I want to feel, to write, to love.
I want to look someone in the eyes and know they truly see me – not my face, not my Instagram story – but me.
I don’t know where you are – whether you're sitting on the floor with a cup of coffee, or lying in bed with a head full of screams. But I know you're out there. And I know you feel.
I’ve been in that place too. Sometimes a person drowns in themselves – in their own thoughts, in fear, in questions that have no answers. The world shouts “be someone,” “smile,” “get moving,” and you just want a single day when it doesn’t hurt.
You know, I wrote and sang because otherwise I would’ve fallen apart. And I know you carry something too – a word, a sound, a tenderness that can heal. Maybe not the whole world, but yourself and those who feel the same.
You’re not weak because life hurts. You’re incredibly strong for still carrying it – even if sometimes just barely.

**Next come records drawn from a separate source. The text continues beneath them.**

(* Let $G$ and $H$ be finite abelian groups, written additively, of the same even order $k$, and let $f:G\to H$ be semi-planar. Suppose $S(G,H;f)$ splits into two substructures $S_1$ and $S_2$ with $\mathcal{L}(0,0)\in S_1$, and let $B=\{b\in H : \mathcal{L}(0,b)\in S_1\}$ (a subgroup of $H$ of index $2$). Then for any $h\in H\setminus B$, the mapping $\phi_h:G\times H\to G\times H$, $\phi_h(x,y)=(x,y+h)$ (together with the induced map on lines $\mathcal{L}(a,b)\mapsto\mathcal{L}(a,b+h)$), is an isomorphism between the two substructures $S_1$ and $S_2$.
   Context: A function $f:G\to H$ is semi-planar if for every non-identity $a\in G$ and every $y\in H$, the equation $f(x+a)-f(x)=y$ has either $0$ or $2$ solutions $x\in G$. The incidence structure $S(G,H;f)$ has points $(x,y)\in G\times H$ and lines $\mathcal{L}(a,b)$ for $(a,b)\in G\times H$, with $(x,y)$ incident with $\mathcal{L}(a,b)$ iff $y=f(x-a)+b$. Its incidence graph is the bipartite graph on points and lines with an edge for each incident pair. $S(G,H;f)$ splits into two substructures $S_1,S_2$ if its incidence graph has exactly two connected components; $S_1,S_2$ are the incidence structures formed by the points and lines of the two components, and $\mathcal{L}(a,b)\in S_i$ means the line lies in component $S_i$. *)

From HB Require Import structures.
From mathcomp Require Import all_boot all_order all_algebra.
Set Implicit Arguments. Unset Strict Implicit. Unset Printing Implicit Defensive.
Import GRing.Theory.
Local Open Scope ring_scope.

Definition semi_planar (G H : finZmodType) (f : G -> H) : Prop :=
  forall (a : G) (y : H), a != 0 ->
    let n := #|[set x : G | f (x + a) - f x == y]| in (n = 0%N \/ n = 2%N).

(* Incidence in S(G,H;f): point (x,y) on line L(a,b) iff y = f(x-a) + b. *)
Definition incident (G H : finZmodType) (f : G -> H) (p l : G * H) : bool :=
  p.2 == f (p.1 - l.1) + l.2.

(* Vertices of the incidence graph: inl p = point p, inr l = line L(l). *)
Definition ivert (G H : finZmodType) : finType := ((G * H) + (G * H))%type.

Definition iadj (G H : finZmodType) (f : G -> H) : rel (ivert G H) :=
  fun u v => match u, v with
             | inl p, inr l => incident f p l
             | inr l, inl p => incident f p l
             | _, _ => false
             end.

Definition icomp (G H : finZmodType) (f : G -> H) (v : ivert G H) : {set ivert G H} :=
  [set w | connect (iadj f) v w].

(* S(G,H;f) splits into two substructures: the incidence graph has exactly
   two connected components. *)
Definition splits_in_two (G H : finZmodType) (f : G -> H) : Prop :=
  #|[set icomp f v | v : ivert G H]| = 2%N.

Definition S1 (G H : finZmodType) (f : G -> H) : {set ivert G H} :=
  icomp f (inr (0, 0)).
Definition S2 (G H : finZmodType) (f : G -> H) : {set ivert G H} :=
  ~: S1 f.

Definition Bset (G H : finZmodType) (f : G -> H) : {set H} :=
  [set b : H | (inr (0, b) : ivert G H) \in S1 f].

Definition phi (G H : finZmodType) (h : H) (v : ivert G H) : ivert G H :=
  match v with
  | inl p => inl (p.1, p.2 + h)
  | inr l => inr (l.1, l.2 + h)
  end.

From HB Require Import structures.
From mathcomp Require Import all_boot all_order all_algebra.
Set Implicit Arguments. Unset Strict Implicit. Unset Printing Implicit Defensive.
Import GRing.Theory.
Local Open Scope ring_scope.

(* The translation (x, y) |-> (x, y + h) preserves incidence, so it is an
   automorphism of the incidence graph and permutes its connected components.
   It sends the component S_1 of L(0,0) to the component of L(0,h), which is
   not S_1 because h is not in B; with only two components, that is S_2. *)

Section GraphComponents.

Variables (T : finType) (e : rel T).

Lemma connect_homo (g : T -> T) :
  {homo g : x y / e x y} -> {homo g : x y / connect e x y}.
Proof.
move=> e_g x _ /connectP[p + ->]; elim: p x => [|y p IHp] x /=.
  by rewrite connect0.
by case/andP=> /e_g exy /IHp; apply: connect_trans (connect1 exy).
Qed.

Lemma connect_bij (g : T -> T) :
  bijective g -> {mono g : x y / e x y} -> {mono g : x y / connect e x y}.
Proof.
case=> g' gK g'K e_g x y; apply/idP/idP; last first.
  by apply: connect_homo => u v; rewrite e_g.
have e_g' : {homo g' : u v / e u v} by move=> u v; rewrite -[e (g' u) _]e_g !g'K.
by move/(@connect_homo g' e_g'); rewrite !gK.
Qed.

Lemma connect_two_components (u w : T) :
  symmetric e -> #|[set [set y | connect e x y] | x : T]| = 2 ->
  ~~ connect e u w -> forall v, connect e w v = ~~ connect e u v.
Proof.
move=> e_sym two_comps uw v; have csym := sym_connect_sym e_sym.
pose comp x := [set y | connect e x y].
have comp_self x : x \in comp x by rewrite inE connect0.
have comp_uw : comp u != comp w.
  by apply: contraNneq uw => Euw; have := comp_self w; rewrite -Euw inE.
have comps : [set comp u; comp w] = [set comp x | x : T].
  apply/eqP; rewrite eqEcard cards2 comp_uw two_comps andbT.
  by apply/subsetP => X; rewrite !inE => /orP[]/eqP->; apply: imset_f.
have : comp v \in [set comp u; comp w] by rewrite comps imset_f.
rewrite !inE => /orP[]/eqP Ev; move: (comp_self v); rewrite Ev inE => Hv.
  rewrite Hv; apply: contraNF uw => wv.
  by apply: connect_trans Hv _; rewrite csym.
rewrite Hv; apply/esym; apply: contra uw => uv.
by apply: connect_trans uv _; rewrite csym.
Qed.

End GraphComponents.

Section Translation.

Variables (G H : finZmodType) (f : G -> H).

Lemma incident_translate (h : H) (p l : G * H) :
  incident f p l = incident f (p.1, p.2 + h) (l.1, l.2 + h).
Proof. by rewrite /incident /= addrA (inj_eq (addIr h)). Qed.

Lemma iadj_sym : symmetric (iadj f).
Proof. by case=> [p|l] [q|m]. Qed.

Lemma iadj_phi (h : H) : {mono phi h : u v / iadj f u v}.
Proof. by case=> [p|l] [q|m] //=; rewrite [RHS](incident_translate h). Qed.

Lemma phiK (h : H) : cancel (phi (G:=G) h) (phi (- h)).
Proof. by case=> [[x y]|[a b]] /=; rewrite addrK. Qed.

Lemma phi_bij (h : H) : bijective (phi (G:=G) h).
Proof. by exists (phi (- h)); [apply: phiK | rewrite -{2}[h]opprK; apply: phiK]. Qed.

End Translation.

Theorem corollary1 (G H : finZmodType) (k : nat) (f : G -> H) (h : H) :
  #|G| = k -> #|H| = k -> ~~ odd k ->
  semi_planar f ->
  splits_in_two f ->
  h \notin Bset f ->
  [/\ bijective (phi (G:=G) h),
      (forall v : ivert G H, (v \in S1 f) = (phi h v \in S2 f)),
      (forall p l : G * H,
          incident f p l = incident f (p.1, p.2 + h) (l.1, l.2 + h)) &
      (forall u v : ivert G H, iadj f u v = iadj f (phi h u) (phi h v))].
Proof.
move=> _ _ _ _ two_comps hB.
have not_S1 : ~~ connect (iadj f) (inr (0, 0)) (inr (0, h)).
  by move: hB; rewrite !inE.
split=> [||p l|u v]; [exact: phi_bij | | exact: incident_translate |].
- move=> v; rewrite !inE -(connect_bij (phi_bij _ h) (iadj_phi f h)) /=.
  by rewrite add0r (connect_two_components (iadj_sym f) two_comps not_S1).
- by rewrite iadj_phi.
Qed.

If we ever met – in a club, on the street, or somewhere between a song and the silence – I’d sit with you and say: “You’re not alone. I know what it means to feel too much.” And you wouldn’t have to say a thing. We’d just sit there. Like people who don’t have to play a role.
You won’t fix the world all at once. But each day, piece by piece, you can build your own Seattle – a place where you’re allowed to be yourself. Allowed to be silent. Allowed to scream. Allowed to laugh for no reason.
Don’t disappear. You’re needed. Even if you can’t see it yet.
I'm not from here.
My body walks through the world of 2025, but my soul stayed behind — in a bar in Seattle, somewhere between "Black" and the silence.
I don’t want to be perfect. I don’t want to be manufactured.
I want to feel. To write. To love someone who understands.
If you feel the same — stay.
You’ll find shelter here.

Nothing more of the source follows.